Toronto, ON: Puffin Canada, 2007.
279 pp., cloth., $18.00.
Grades 5-8 / Ages 10-13.
Review by Huai-Yang Lim.
Reviewed from Uncorrected and Unpublished Proofs.
Great Plumbers and Their Exploits sat on the table by Hamish X's elbows. He hadn't opened it in days. Before he regained his memories he'd pored over the book with rabid intensity, certain that the pages held a clue to the location of his lost mother. But since King Liam had awakened his memories he'd lost the desire to read the book. Parveen believed that Great Plumbers was part of the ODA's plans, and that since Hamish X was now free of their programming he was also free of his compulsion to read the boring book.
He laid a hand on the green leather cover, tracing the gold lettering with a fingertip.
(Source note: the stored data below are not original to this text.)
(* On g_j = w^{-1} h_j we have w^{-1} omega_i (g_j) =
   delta_ij, so w (mu1 - lam) has j-th coordinate in [-delta_ij, 0]; it is
   therefore -t omega_i with t in {0, 1}, and mu1 - lam = -t w^{-1} omega_i. *)
Lemma lower_rigid n (A : 'M[int]_n) (hA : simple_finite_cartan A)
    (w : seq 'I_n) (i : 'I_n) (lam mu1 mu2 : weight n) :
  (forall k, mu1 k + mu2 k = lam k + lower_weight A w i lam k) ->
  preceq A lam (lower_weight A w i lam) mu1 mu2 ->
  mu1 = lam \/ mu1 = lower_weight A w i lam.
Proof.
move=> hsum hle; have hdiag : forall j, A j j = 2 by case: hA => _ [].
set beta := weyl_inv_act_w A w (fund_weight i).
pose delta : weight n := fun k => mu1 k - lam k.
have coord j : - (j == i)%:Z <= weyl_act_w A w delta j <= 0.
  set g := weyl_act_c A (rev w) (simple_coroot j).
  have beta_g : pairing beta g = (j == i)%:Z.
    by rewrite /beta /weyl_inv_act_w weyl_adj revK weyl_c_cancel // pairing_simple.
  have lower_g : pairing (lower_weight A w i lam) g = pairing lam g - pairing beta g.
    by apply: pairing_subw.
  have delta_g : weyl_act_w A w delta j = pairing mu1 g - pairing lam g.
    by rewrite -pairing_simple weyl_adj; apply: pairing_subw.
  have := between_on_coroot hsum hle (real_coroot_pos_or_neg hA (rev w) j).
  by rewrite -/g lower_g beta_g delta_g; case: (j == i); lia.
have [t [t01 wdelta]] : exists t : int, (t = 0 \/ t = 1) /\
    weyl_act_w A w delta = fun k => - t * fund_weight i k.
  exists (- weyl_act_w A w delta i); split.
    by have := coord i; rewrite eqxx; lia.
  apply: functional_extensionality => j; rewrite /fund_weight.
  by have := coord j; case: (eqVneq j i) => [-> | _]; lia.
have delta_eq : delta = fun k => - t * beta k.
  rewrite -(weyl_w_cancel hdiag w delta) wdelta.
  rewrite /weyl_act_w (foldr_commute (phi := fun l k => - t * l k)) => [//|j x].
  exact: sref_w_scale.
case: t01 delta_eq => -> delta_eq; [left | right];
  apply: functional_extensionality => k;
  have := congr1 (fun f => f k) delta_eq; rewrite /delta /lower_weight -/beta /=; lia.
Qed.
He felt a pang of loneliness. "How could I miss reading such a boring book?" he mumbled to himself.
"Are you addressing me?" The George raccoon roused itself from sleep mode at the sound of his voice. George had been standing silent and still against the wall as it always did, resting until required.
"Sorry, no. Just talking to myself."
Following on the heels of his comedic novel Hamish X and the Cheese Pirates, Sean Cullen's second book in the series, Hamish X and the Hollow Mountain, continues the adventures of Hamish X and his friends. The last book concluded with the arrival of the Orphan Disposal Agency's Grey Agents in Wind City at which time they attempted to capture Hamish X. Hamish X and the Hollow Mountain begins with Hamish X's rescue and continues with his and his friends' trek to Switzerland's Hollow Mountain, where a city for children ruled by King Liam exists. The self-sufficient and self-powered city, named Hollow City, resides in an underground cavern that has seen various improvements over the centuries and serves as a refuge and training ground for children so that they can lead productive and self-sufficient lives once they leave the city. As Hamish X and his friends become acclimatized to life in the Hollow City and wedding preparations are under way for Mr. Kipling and Mrs. Francis—both of whom were introduced in the first book—the events are overshadowed by the Grey Agents' determination to locate Hamish X at all costs and to eliminate those who stand in their way.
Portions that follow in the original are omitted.